> [YOUR OBJECTIVE]
Only a slice of the listing below is wanted. Retype the lines from the one containing "rewrite mulrCA; congr (_ * _)." through the one containing "Definition cross u", exactly, both ends included.

> [RECORDS PROVIDED]
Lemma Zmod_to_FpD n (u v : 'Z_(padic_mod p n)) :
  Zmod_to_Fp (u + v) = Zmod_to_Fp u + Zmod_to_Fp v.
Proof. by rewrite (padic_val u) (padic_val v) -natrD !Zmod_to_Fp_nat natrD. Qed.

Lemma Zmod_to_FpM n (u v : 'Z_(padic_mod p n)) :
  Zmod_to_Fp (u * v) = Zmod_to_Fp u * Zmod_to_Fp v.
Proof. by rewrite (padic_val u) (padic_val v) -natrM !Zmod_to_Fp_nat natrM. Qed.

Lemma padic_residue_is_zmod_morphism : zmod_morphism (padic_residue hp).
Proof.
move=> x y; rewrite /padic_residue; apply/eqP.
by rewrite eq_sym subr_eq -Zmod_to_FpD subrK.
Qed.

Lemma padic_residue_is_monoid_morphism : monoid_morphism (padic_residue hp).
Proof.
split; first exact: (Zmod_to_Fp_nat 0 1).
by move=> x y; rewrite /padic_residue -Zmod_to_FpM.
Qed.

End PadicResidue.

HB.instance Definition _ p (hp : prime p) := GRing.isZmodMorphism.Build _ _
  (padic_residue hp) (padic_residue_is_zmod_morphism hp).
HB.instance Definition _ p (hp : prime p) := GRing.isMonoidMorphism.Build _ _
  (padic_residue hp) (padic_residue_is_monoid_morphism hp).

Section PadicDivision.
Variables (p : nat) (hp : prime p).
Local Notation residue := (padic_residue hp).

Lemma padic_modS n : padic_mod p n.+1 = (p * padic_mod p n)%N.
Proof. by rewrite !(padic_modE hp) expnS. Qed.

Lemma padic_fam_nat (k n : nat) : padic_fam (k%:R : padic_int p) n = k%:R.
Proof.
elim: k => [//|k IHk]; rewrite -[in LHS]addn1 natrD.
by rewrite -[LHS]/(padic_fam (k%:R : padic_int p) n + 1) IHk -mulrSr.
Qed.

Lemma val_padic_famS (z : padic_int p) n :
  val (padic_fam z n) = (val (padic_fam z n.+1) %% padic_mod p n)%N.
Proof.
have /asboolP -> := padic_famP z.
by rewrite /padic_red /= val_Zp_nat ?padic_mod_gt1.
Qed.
---
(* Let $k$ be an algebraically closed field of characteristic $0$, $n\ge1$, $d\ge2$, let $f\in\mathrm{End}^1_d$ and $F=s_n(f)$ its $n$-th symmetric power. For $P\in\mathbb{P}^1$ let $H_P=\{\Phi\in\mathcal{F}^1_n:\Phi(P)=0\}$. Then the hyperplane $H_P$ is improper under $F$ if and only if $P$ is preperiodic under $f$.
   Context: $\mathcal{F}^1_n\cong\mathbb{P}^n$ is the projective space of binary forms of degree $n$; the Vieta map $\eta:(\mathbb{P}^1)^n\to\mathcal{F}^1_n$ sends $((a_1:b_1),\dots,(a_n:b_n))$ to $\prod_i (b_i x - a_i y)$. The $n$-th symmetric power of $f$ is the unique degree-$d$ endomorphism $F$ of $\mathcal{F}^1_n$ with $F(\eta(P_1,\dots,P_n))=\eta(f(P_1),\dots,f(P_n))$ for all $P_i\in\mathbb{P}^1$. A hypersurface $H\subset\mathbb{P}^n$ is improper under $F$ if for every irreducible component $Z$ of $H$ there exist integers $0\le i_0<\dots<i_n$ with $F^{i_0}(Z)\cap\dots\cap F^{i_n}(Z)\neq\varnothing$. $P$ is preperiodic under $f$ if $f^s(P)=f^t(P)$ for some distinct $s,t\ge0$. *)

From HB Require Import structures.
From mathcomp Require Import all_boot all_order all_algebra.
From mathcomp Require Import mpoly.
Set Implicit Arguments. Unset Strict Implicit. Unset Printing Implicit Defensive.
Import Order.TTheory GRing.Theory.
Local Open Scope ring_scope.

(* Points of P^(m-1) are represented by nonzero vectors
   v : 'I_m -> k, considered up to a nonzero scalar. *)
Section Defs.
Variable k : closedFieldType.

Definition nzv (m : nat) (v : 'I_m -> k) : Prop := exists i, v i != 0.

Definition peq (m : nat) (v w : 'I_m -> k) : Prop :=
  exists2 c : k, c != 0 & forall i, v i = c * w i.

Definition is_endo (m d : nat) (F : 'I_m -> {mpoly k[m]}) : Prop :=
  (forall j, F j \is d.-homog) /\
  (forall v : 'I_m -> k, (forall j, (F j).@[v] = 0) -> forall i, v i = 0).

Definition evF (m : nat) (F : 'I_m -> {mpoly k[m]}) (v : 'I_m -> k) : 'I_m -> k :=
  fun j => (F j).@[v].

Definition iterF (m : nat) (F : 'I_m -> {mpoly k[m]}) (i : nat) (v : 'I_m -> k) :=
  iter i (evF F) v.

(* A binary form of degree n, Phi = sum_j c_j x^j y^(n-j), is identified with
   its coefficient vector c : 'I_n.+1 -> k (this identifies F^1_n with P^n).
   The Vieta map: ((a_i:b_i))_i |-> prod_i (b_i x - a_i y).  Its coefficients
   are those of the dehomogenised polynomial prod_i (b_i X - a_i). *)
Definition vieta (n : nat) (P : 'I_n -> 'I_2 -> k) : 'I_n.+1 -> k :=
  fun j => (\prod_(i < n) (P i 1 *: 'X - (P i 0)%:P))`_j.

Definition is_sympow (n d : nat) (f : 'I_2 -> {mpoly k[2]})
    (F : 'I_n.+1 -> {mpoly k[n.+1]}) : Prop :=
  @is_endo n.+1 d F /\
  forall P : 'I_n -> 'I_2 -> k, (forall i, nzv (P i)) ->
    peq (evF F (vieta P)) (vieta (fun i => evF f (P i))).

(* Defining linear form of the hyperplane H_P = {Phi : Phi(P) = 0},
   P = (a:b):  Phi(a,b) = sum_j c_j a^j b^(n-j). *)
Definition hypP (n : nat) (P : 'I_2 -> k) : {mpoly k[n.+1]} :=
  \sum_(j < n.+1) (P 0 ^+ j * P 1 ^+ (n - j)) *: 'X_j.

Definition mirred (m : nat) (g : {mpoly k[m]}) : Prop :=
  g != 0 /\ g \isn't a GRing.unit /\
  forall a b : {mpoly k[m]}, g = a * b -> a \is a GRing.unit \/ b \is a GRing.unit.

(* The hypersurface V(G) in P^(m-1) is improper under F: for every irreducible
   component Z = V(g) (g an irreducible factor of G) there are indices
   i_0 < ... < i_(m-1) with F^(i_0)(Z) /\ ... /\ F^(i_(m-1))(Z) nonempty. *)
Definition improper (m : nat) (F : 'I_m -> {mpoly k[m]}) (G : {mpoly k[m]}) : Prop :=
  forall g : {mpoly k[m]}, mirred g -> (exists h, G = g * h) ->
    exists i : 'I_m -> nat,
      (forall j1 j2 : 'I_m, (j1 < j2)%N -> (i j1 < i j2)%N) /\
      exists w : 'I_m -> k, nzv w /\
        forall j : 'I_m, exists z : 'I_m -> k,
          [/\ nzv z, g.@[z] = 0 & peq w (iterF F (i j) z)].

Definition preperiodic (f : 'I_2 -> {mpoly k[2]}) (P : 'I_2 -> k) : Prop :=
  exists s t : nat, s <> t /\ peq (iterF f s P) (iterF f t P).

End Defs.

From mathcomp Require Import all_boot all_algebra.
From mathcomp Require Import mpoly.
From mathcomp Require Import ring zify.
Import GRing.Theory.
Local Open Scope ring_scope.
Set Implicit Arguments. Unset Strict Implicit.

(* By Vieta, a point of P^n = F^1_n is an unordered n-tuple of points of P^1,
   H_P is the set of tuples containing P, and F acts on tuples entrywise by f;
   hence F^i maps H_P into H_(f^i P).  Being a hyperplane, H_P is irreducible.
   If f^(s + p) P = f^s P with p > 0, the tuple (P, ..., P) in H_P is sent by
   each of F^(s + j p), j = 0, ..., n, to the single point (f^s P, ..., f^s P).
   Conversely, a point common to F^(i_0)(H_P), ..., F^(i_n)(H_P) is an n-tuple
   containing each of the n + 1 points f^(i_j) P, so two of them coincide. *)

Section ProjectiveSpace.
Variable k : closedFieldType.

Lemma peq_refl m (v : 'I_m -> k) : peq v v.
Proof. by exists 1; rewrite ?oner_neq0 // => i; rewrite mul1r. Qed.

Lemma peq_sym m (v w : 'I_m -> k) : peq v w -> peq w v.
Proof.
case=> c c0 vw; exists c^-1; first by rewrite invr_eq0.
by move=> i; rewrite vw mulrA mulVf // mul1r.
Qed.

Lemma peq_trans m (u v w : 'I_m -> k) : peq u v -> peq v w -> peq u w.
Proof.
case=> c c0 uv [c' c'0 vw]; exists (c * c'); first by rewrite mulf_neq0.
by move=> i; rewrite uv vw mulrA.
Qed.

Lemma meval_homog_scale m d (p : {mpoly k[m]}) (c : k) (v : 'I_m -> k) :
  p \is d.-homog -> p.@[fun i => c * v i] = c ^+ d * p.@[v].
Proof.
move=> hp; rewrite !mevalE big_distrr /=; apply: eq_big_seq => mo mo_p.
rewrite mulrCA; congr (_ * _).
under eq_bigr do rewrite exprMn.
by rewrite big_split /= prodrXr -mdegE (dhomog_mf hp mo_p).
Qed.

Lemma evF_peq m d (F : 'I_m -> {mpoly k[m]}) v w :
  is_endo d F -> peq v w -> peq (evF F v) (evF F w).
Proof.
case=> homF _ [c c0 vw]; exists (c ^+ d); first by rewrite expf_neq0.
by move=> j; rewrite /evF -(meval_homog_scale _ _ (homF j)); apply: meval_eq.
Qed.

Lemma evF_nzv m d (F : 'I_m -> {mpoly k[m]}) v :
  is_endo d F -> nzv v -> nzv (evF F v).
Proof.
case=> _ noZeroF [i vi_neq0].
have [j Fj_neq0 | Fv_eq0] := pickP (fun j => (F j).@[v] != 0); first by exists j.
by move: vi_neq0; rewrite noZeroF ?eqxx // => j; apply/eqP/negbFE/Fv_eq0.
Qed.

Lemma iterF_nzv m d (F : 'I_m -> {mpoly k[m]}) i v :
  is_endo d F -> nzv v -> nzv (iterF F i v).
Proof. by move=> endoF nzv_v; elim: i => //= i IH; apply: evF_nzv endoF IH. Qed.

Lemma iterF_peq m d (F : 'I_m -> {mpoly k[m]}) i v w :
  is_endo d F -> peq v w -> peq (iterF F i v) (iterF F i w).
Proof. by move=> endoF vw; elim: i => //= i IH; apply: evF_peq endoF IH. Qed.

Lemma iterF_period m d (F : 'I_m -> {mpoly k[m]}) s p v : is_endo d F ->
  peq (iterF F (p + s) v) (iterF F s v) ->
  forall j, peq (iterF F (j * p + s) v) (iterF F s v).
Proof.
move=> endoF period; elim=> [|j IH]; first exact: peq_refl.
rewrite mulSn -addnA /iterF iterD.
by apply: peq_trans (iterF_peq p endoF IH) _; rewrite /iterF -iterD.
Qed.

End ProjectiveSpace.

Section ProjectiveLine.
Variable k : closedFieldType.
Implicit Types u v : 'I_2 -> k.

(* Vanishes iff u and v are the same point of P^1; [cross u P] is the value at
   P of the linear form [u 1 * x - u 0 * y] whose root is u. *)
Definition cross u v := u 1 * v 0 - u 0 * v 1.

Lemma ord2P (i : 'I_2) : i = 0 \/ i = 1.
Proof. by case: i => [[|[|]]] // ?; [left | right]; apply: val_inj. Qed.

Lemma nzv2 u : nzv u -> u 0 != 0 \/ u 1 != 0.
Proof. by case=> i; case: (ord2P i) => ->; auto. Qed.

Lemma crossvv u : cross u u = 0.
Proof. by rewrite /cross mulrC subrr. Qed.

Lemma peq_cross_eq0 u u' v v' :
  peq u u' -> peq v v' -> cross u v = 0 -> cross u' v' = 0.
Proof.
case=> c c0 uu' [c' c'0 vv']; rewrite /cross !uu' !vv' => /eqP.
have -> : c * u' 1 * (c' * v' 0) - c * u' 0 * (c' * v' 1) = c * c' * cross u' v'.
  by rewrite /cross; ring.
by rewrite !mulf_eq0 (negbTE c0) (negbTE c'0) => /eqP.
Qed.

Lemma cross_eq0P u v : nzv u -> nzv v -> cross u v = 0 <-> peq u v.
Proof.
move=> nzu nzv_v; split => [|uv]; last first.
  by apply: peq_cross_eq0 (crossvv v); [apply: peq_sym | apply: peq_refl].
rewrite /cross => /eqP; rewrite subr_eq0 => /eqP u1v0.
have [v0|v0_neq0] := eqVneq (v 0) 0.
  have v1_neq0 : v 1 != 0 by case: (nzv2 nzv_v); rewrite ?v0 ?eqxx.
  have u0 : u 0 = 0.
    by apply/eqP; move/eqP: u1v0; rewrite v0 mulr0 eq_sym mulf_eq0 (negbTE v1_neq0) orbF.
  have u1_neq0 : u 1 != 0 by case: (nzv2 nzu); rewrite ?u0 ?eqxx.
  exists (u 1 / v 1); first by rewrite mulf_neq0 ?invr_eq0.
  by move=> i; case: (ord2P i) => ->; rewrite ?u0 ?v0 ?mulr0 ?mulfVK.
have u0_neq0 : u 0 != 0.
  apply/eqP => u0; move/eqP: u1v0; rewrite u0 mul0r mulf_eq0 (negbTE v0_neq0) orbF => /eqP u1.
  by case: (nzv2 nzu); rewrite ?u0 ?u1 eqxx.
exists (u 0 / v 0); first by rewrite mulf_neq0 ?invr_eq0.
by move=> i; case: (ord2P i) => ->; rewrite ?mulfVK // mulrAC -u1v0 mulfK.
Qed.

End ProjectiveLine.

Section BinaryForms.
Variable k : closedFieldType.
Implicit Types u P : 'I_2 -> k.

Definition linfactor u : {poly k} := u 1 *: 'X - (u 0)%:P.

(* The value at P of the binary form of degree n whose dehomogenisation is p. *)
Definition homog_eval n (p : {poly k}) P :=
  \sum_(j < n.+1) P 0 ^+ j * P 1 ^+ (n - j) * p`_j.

> [EXERCISE RESPONSE]
rewrite mulrCA; congr (_ * _).
under eq_bigr do rewrite exprMn.
by rewrite big_split /= prodrXr -mdegE (dhomog_mf hp mo_p).
Qed.

Lemma evF_peq m d (F : 'I_m -> {mpoly k[m]}) v w :
  is_endo d F -> peq v w -> peq (evF F v) (evF F w).
Proof.
case=> homF _ [c c0 vw]; exists (c ^+ d); first by rewrite expf_neq0.
by move=> j; rewrite /evF -(meval_homog_scale _ _ (homF j)); apply: meval_eq.
Qed.

Lemma evF_nzv m d (F : 'I_m -> {mpoly k[m]}) v :
  is_endo d F -> nzv v -> nzv (evF F v).
Proof.
case=> _ noZeroF [i vi_neq0].
have [j Fj_neq0 | Fv_eq0] := pickP (fun j => (F j).@[v] != 0); first by exists j.
by move: vi_neq0; rewrite noZeroF ?eqxx // => j; apply/eqP/negbFE/Fv_eq0.
Qed.

Lemma iterF_nzv m d (F : 'I_m -> {mpoly k[m]}) i v :
  is_endo d F -> nzv v -> nzv (iterF F i v).
Proof. by move=> endoF nzv_v; elim: i => //= i IH; apply: evF_nzv endoF IH. Qed.

Lemma iterF_peq m d (F : 'I_m -> {mpoly k[m]}) i v w :
  is_endo d F -> peq v w -> peq (iterF F i v) (iterF F i w).
Proof. by move=> endoF vw; elim: i => //= i IH; apply: evF_peq endoF IH. Qed.

Lemma iterF_period m d (F : 'I_m -> {mpoly k[m]}) s p v : is_endo d F ->
  peq (iterF F (p + s) v) (iterF F s v) ->
  forall j, peq (iterF F (j * p + s) v) (iterF F s v).
Proof.
move=> endoF period; elim=> [|j IH]; first exact: peq_refl.
rewrite mulSn -addnA /iterF iterD.
by apply: peq_trans (iterF_peq p endoF IH) _; rewrite /iterF -iterD.
Qed.

End ProjectiveSpace.

Section ProjectiveLine.
Variable k : closedFieldType.
Implicit Types u v : 'I_2 -> k.

(* Vanishes iff u and v are the same point of P^1; [cross u P] is the value at
   P of the linear form [u 1 * x - u 0 * y] whose root is u. *)
Definition cross u v := u 1 * v 0 - u 0 * v 1.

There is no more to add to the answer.